UK monetary policy chiefs opted to freeze interest rates at 4.75% today, in a decision widely anticipated by experts.

It was the seventh consecutive freeze in the cost of borrowing, which came at the end of what should be the penultimate monthly meeting of the Bank of England's Monetary Policy Committee (MPC) before the general election.

It follows a series of reports and surveys suggesting that despite a slight dip in economic expansion last month, overall UK growth is buoyant.

New research by the National Institute for Economic and Social Research (NIESR) shows that in the three months to February growth was 0.6% higher than in the previous quarter. It added that growth was up 0.8% in the three months to January.

Releasing the figures on Wednesday evening, the group called on the MPC to raise rates by 0.25%.

However, the British Retail Consortium believes such a move would have dyer implications for shop owners. It's figures show that sales volumes fell 0.3% in February on the same month last year.

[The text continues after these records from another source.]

(* Let $K$ be a Cantor set with metric $d$. For every homeomorphism $T:K\to K$ and every $\varepsilon>0$ there exists a homeomorphism $\widetilde T:K\to K$ such that $D(T,\widetilde T)=\max_{x\in K} d(T(x),\widetilde T(x))<\varepsilon$ and, for every $x\in K$, the $\omega$-limit set of $x$ under $\widetilde T$ is a periodic orbit of $\widetilde T$.
   Context: A Cantor set is a nonempty totally disconnected, perfect, compact metric space. *)

From HB Require Import structures.
From mathcomp Require Import all_boot all_order all_algebra.
From mathcomp Require Import all_classical all_reals all_analysis.
Set Implicit Arguments. Unset Strict Implicit. Unset Printing Implicit Defensive.
Import Order.TTheory GRing.Theory Num.Theory.
Local Open Scope classical_set_scope.
Local Open Scope ring_scope.

Definition cantor_set (R : realType) (K : metricType R) : Prop :=
  [/\ [set: K] !=set0, totally_disconnected [set: K],
      perfect_set [set: K] & compact [set: K]].

Definition homeomorphism (K : topologicalType) (f : K -> K) : Prop :=
  exists g : K -> K, [/\ cancel f g, cancel g f, continuous f & continuous g].

Definition omega_limit (K : topologicalType) (f : K -> K) (x : K) : set K :=
  [set y | forall U, nbhs y U -> forall N : nat,
           exists n : nat, (N <= n)%N /\ U (iter n f x)].

Definition periodic_orbit (K : Type) (f : K -> K) (O : set K) : Prop :=
  exists (p : K) (k : nat), [/\ (0 < k)%N, iter k f p = p &
                                O = range (fun n : nat => iter n f p)].
(* For all positive integers $n$ and all integers $m,k\ge 0$: $\Omega(n,k;m)\ge\Omega(n,k+1;m)$, $\Omega^*(n,k;m)\ge\Omega^*(n,k+1;m)$, and $\Omega^+(n,k;m)\ge\Omega^+(n,k+1;m)$.
   Context: Integers are written with $\bar i=-i$, totally ordered by $0<_{\mathbb Z}\bar1<_{\mathbb Z}1<_{\mathbb Z}\bar2<_{\mathbb Z}2<_{\mathbb Z}\cdots$, and $|\bar j|=j$. Write $a\prec_+ b$ if $a<_{\mathbb Z}b$ or $a=b\in\{0,1,2,\ldots\}$, and $a\prec_- b$ if $a<_{\mathbb Z}b$ or $a=b\in\{\bar1,\bar2,\ldots\}$. A permutation $\pi\in S_n$ is identified with the chain $\pi(1)<_\pi\cdots<_\pi\pi(n)$; a $\pi$-partition is a map $f:[n]\to\mathbb Z$ such that for each $1\le i<n$, $f(\pi(i))\prec_+ f(\pi(i+1))$ if $\pi(i)<\pi(i+1)$ and $f(\pi(i))\prec_- f(\pi(i+1))$ if $\pi(i)>\pi(i+1)$. $\Omega_\pi(m)$ counts $\pi$-partitions with $|f(i)|\le m$ for all $i$; $\Omega^*_\pi(m)$ counts those that additionally never take value $0$; $\Omega^+_\pi(m)$ counts those with all values in $\{1,\ldots,m\}$. Statistics: $\mathrm{des}(\pi)=|\{i: \pi(i)>\pi(i+1)\}|$; $\mathrm{pk}(\pi)=|\{2\le i\le n-1:\pi(i-1)<\pi(i)>\pi(i+1)\}|$; $\mathrm{lpk}(\pi)$ is the number of peaks of $\pi$ with the convention $\pi(0)=0$ (i.e. also counting $i=1$ if $\pi(1)>\pi(2)$). It is known that $\Omega_\pi(m)$ depends only on $n$ and $\mathrm{lpk}(\pi)$, $\Omega^*_\pi(m)$ only on $n$ and $\mathrm{pk}(\pi)$, and $\Omega^+_\pi(m)$ only on $n$ and $\mathrm{des}(\pi)$. Define $\Omega(n,k;m)=\Omega_\pi(m)$ for any $\pi\in S_n$ with $\mathrm{lpk}(\pi)=k$, $\Omega^*(n,k;m)=\Omega^*_\pi(m)$ for any $\pi$ with $\mathrm{pk}(\pi)=k$, $\Omega^+(n,k;m)=\Omega^+_\pi(m)$ for any $\pi$ with $\mathrm{des}(\pi)=k$, each defined to be $0$ if no such permutation exists. *)

From mathcomp Require Import all_boot all_order all_algebra all_fingroup.
Set Implicit Arguments. Unset Strict Implicit. Unset Printing Implicit Defensive.
Import Order.TTheory GRing.Theory Num.Theory.

(* Permutations of [n] are modelled as elements of 'S_n, acting on
   {0,...,n-1}; the chain is pi(0) <_pi ... <_pi pi(n-1) (0-indexed).
   Shifting the letters by one does not change any comparison. *)

(* Position of an integer in the total order 0 < -1 < 1 < -2 < 2 < ... *)
Definition zkey (z : int) : nat :=
  if (0 <= z)%R then (2 * `|z|)%N else (2 * `|z|).-1.
(* Consider a Markov decision process with continuous state space $\mathcal{S}$, continuous action space $\mathcal{A}$, transition density $p(\mathbf{s}'|\mathbf{s},\mathbf{a})$ and discount factor $\gamma\in(0,1)$, and let $r_1, r_2$ be bounded reward functions. Let $Q_1^*$ and $Q_2^*$ be the optimal soft Q-functions (temperature $1$) for the rewards $r_1$ and $r_2$, with optimal soft policies $\pi_i^*(\mathbf{a}|\mathbf{s}) \propto \exp(Q_i^*(\mathbf{s},\mathbf{a}))$, $i=1,2$. Define $Q_\Sigma \triangleq \frac{1}{2}(Q_1^*+Q_2^* )$ and $r_\mathcal{C}\triangleq \frac{1}{2}(r_1+r_2)$, and let $Q_\mathcal{C}^*$ be the optimal soft Q-function for the reward $r_\mathcal{C}$. Then for all $\mathbf{s}\in\mathcal{S}$ and all $\mathbf{a}\in\mathcal{A}$, $$Q_\Sigma(\mathbf{s},\mathbf{a}) \ge Q_\mathcal{C}^*(\mathbf{s},\mathbf{a}) \ge Q_\Sigma(\mathbf{s},\mathbf{a}) - C^*(\mathbf{s},\mathbf{a}),$$ where $C^*$ is the fixed point of the iteration $$C(\mathbf{s},\mathbf{a}) \leftarrow \gamma\, \mathbb{E}_{\mathbf{s}'\sim p(\mathbf{s}'|\mathbf{s},\mathbf{a})}\Big[ D_{1/2}\big(\pi_1^*(\cdot|\mathbf{s}')\,\|\,\pi_2^*(\cdot|\mathbf{s}')\big) + \max_{\mathbf{a}'\in\mathcal{A}} C(\mathbf{s}',\mathbf{a}')\Big],$$ and $D_{1/2}$ denotes the Rényi divergence of order $1/2$.
   Context: Soft (maximum-entropy) reinforcement learning with temperature $1$: for a bounded reward $r$, the soft Bellman backup maps a bounded function $Q$ on $\mathcal{S}\times\mathcal{A}$ to $r(\mathbf{s},\mathbf{a}) + \gamma\,\mathbb{E}_{\mathbf{s}'\sim p(\mathbf{s}'|\mathbf{s},\mathbf{a})}[V(\mathbf{s}')]$, where $V(\mathbf{s}) = \log\int_{\mathcal{A}} \exp(Q(\mathbf{s},\mathbf{a}))\,d\mathbf{a}$. This backup is a contraction, and the optimal soft Q-function $Q^*$ for reward $r$ is its unique fixed point; the corresponding optimal soft policy is $\pi^*(\mathbf{a}|\mathbf{s}) = \exp(Q^*(\mathbf{s},\mathbf{a}) - V^*(\mathbf{s}))$. The Rényi divergence of order $1/2$ between densities $p,q$ is $D_{1/2}(p\|q) = -2\log\int \sqrt{p(\mathbf{a})q(\mathbf{a})}\,d\mathbf{a}$. *)

From HB Require Import structures.
From mathcomp Require Import all_boot all_order all_algebra.
From mathcomp Require Import all_classical all_reals all_analysis.
Set Implicit Arguments.
Unset Strict Implicit.
Unset Printing Implicit Defensive.
Import Order.TTheory GRing.Theory Num.Theory.
Local Open Scope classical_set_scope.
Local Open Scope ring_scope.

Section SoftRL.
Context (R : realType) (dS dA : measure_display)
  (S : measurableType dS) (A : measurableType dA)
  (mu : {finite_measure set A -> \bar R})     (* base measure "da" on actions *)
  (P : S -> A -> probability S R)
  (gamma : R).

Definition bounded_SA (f : S -> A -> R) := exists M : R, forall s a, `|f s a| <= M.

Definition softV (Q : S -> A -> R) (s : S) : R :=
  ln (Rintegral mu setT (fun a => expR (Q s a))).

Definition expect (s : S) (a : A) (f : S -> R) : R := Rintegral (P s a) setT f.

Definition soft_backup (r Q : S -> A -> R) (s : S) (a : A) : R :=
  r s a + gamma * expect s a (softV Q).

(* Q is the optimal soft Q-function for reward r: the (unique) bounded,
   measurable fixed point of the soft Bellman backup *)
Definition is_opt_softQ (r Q : S -> A -> R) :=
  [/\ bounded_SA Q,
      measurable_fun setT (fun x : S * A => Q x.1 x.2) &
      forall s a, Q s a = soft_backup r Q s a].

Definition soft_policy (Q : S -> A -> R) (s : S) (a : A) : R :=
  expR (Q s a - softV Q s).

Definition renyi_half (p q : A -> R) : R :=
  - 2 * ln (Rintegral mu setT (fun a => Num.sqrt (p a * q a))).

Definition C_integrand (Q1 Q2 C : S -> A -> R) (s' : S) : R :=
  renyi_half (soft_policy Q1 s') (soft_policy Q2 s') + sup (range (C s')).

Definition C_backup (Q1 Q2 C : S -> A -> R) (s : S) (a : A) : R :=
  gamma * expect s a (C_integrand Q1 Q2 C).

Definition is_C_fixpoint (Q1 Q2 C : S -> A -> R) :=
  [/\ bounded_SA C,
      measurable_fun setT (C_integrand Q1 Q2 C) &
      forall s a, C s a = C_backup Q1 Q2 C s a].

End SoftRL.

(* The soft value V(s) = log \int exp Q(s, a) da is monotone in Q and
   shifts by c when Q does, and by Cauchy-Schwarz it is convex in Q:
   V_avg <= (V_1 + V_2) / 2, where V_avg is the soft value of Q_avg = (Q_1 + Q_2) / 2.
   Moreover the Renyi divergence of order 1/2 between the two optimal policies is
   exactly V_1 + V_2 - 2 V_avg.  Since Q_avg = r_C + gamma E[(V_1 + V_2) / 2], both
   gaps Q_C - Q_avg and Q_avg - C - Q_C are bounded by gamma times their own
   supremum, hence are nonpositive because gamma < 1. *)

From HB Require Import structures.
From mathcomp Require Import all_boot all_order all_algebra.
From mathcomp Require Import all_classical all_reals all_analysis.
From mathcomp Require Import measurable_realfun lra.
Import Order.TTheory GRing.Theory Num.Theory.
Local Open Scope classical_set_scope.
Local Open Scope ring_scope.

Section bounded_measurable.
Context {R : realType} {d : measure_display} {T : measurableType d}.
Implicit Types (f g : T -> R) (c k : R).

Definition bounded_measurable f :=
  measurable_fun setT f /\ exists M : R, forall x, `|f x| <= M.

Lemma bounded_measurable_cst c : bounded_measurable (fun=> c).
Proof. by split; [exact: measurable_cst | exists `|c|]. Qed.

Lemma bounded_measurableD {f g} : bounded_measurable f -> bounded_measurable g ->
  bounded_measurable (fun x => f x + g x).
Proof.
move=> [mf [M fM]] [mg [N gN]]; split; first exact: measurable_funD.
by exists (M + N) => x; rewrite (le_trans (ler_normD _ _)) ?lerD.
Qed.

Lemma bounded_measurableMl k {f} : bounded_measurable f ->
  bounded_measurable (fun x => k * f x).
Proof.
move=> [mf [M fM]]; split; first exact: measurable_funM.
by exists (`|k| * M) => x; rewrite normrM ler_wpM2l.
Qed.

Lemma bounded_measurableMr k {f} : bounded_measurable f ->
  bounded_measurable (fun x => f x * k).
Proof.
by move=> bf; under eq_fun do rewrite mulrC; exact: bounded_measurableMl.
Qed.

Lemma bounded_measurable_integrable (m : {finite_measure set T -> \bar R}) {f} :
  bounded_measurable f -> m.-integrable setT (EFin \o f).
Proof.
move=> [mf [M fM]]; apply: measurable_bounded_integrable => //.
  exact: fin_num_fun_lty (fin_num_measure m).
exists M; split; first exact: num_real.
by move=> N MN x _; exact: le_trans (fM x) (ltW MN).
Qed.

End bounded_measurable.

Section expectation.
Context {R : realType} {d : measure_display} {T : measurableType d}.
Context (Pr : probability T R).
Implicit Types (f g : T -> R) (c : R).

Meanwhile, official figures revealed yesterday that manufacturing growth slowed to 0.2% in February from 0.4% in January. However, they also revealed healthy 'trend growth' - up 0.7% in the last three months.

Reacting to today's no-change by the MPC, the Engineering Employers Federation (EEF), said the picture for manufacturing was 'mixed', and that the Bank had made the right decision.

EEF chief economist, Steve Radley, said: "The Bank is right to ignore premature calls for a rise in rates. Seven months without changes in rates have provided business with stability during a period of growing uncertainty, with storm clouds on the horizon of higher oil prices and a strengthening pound."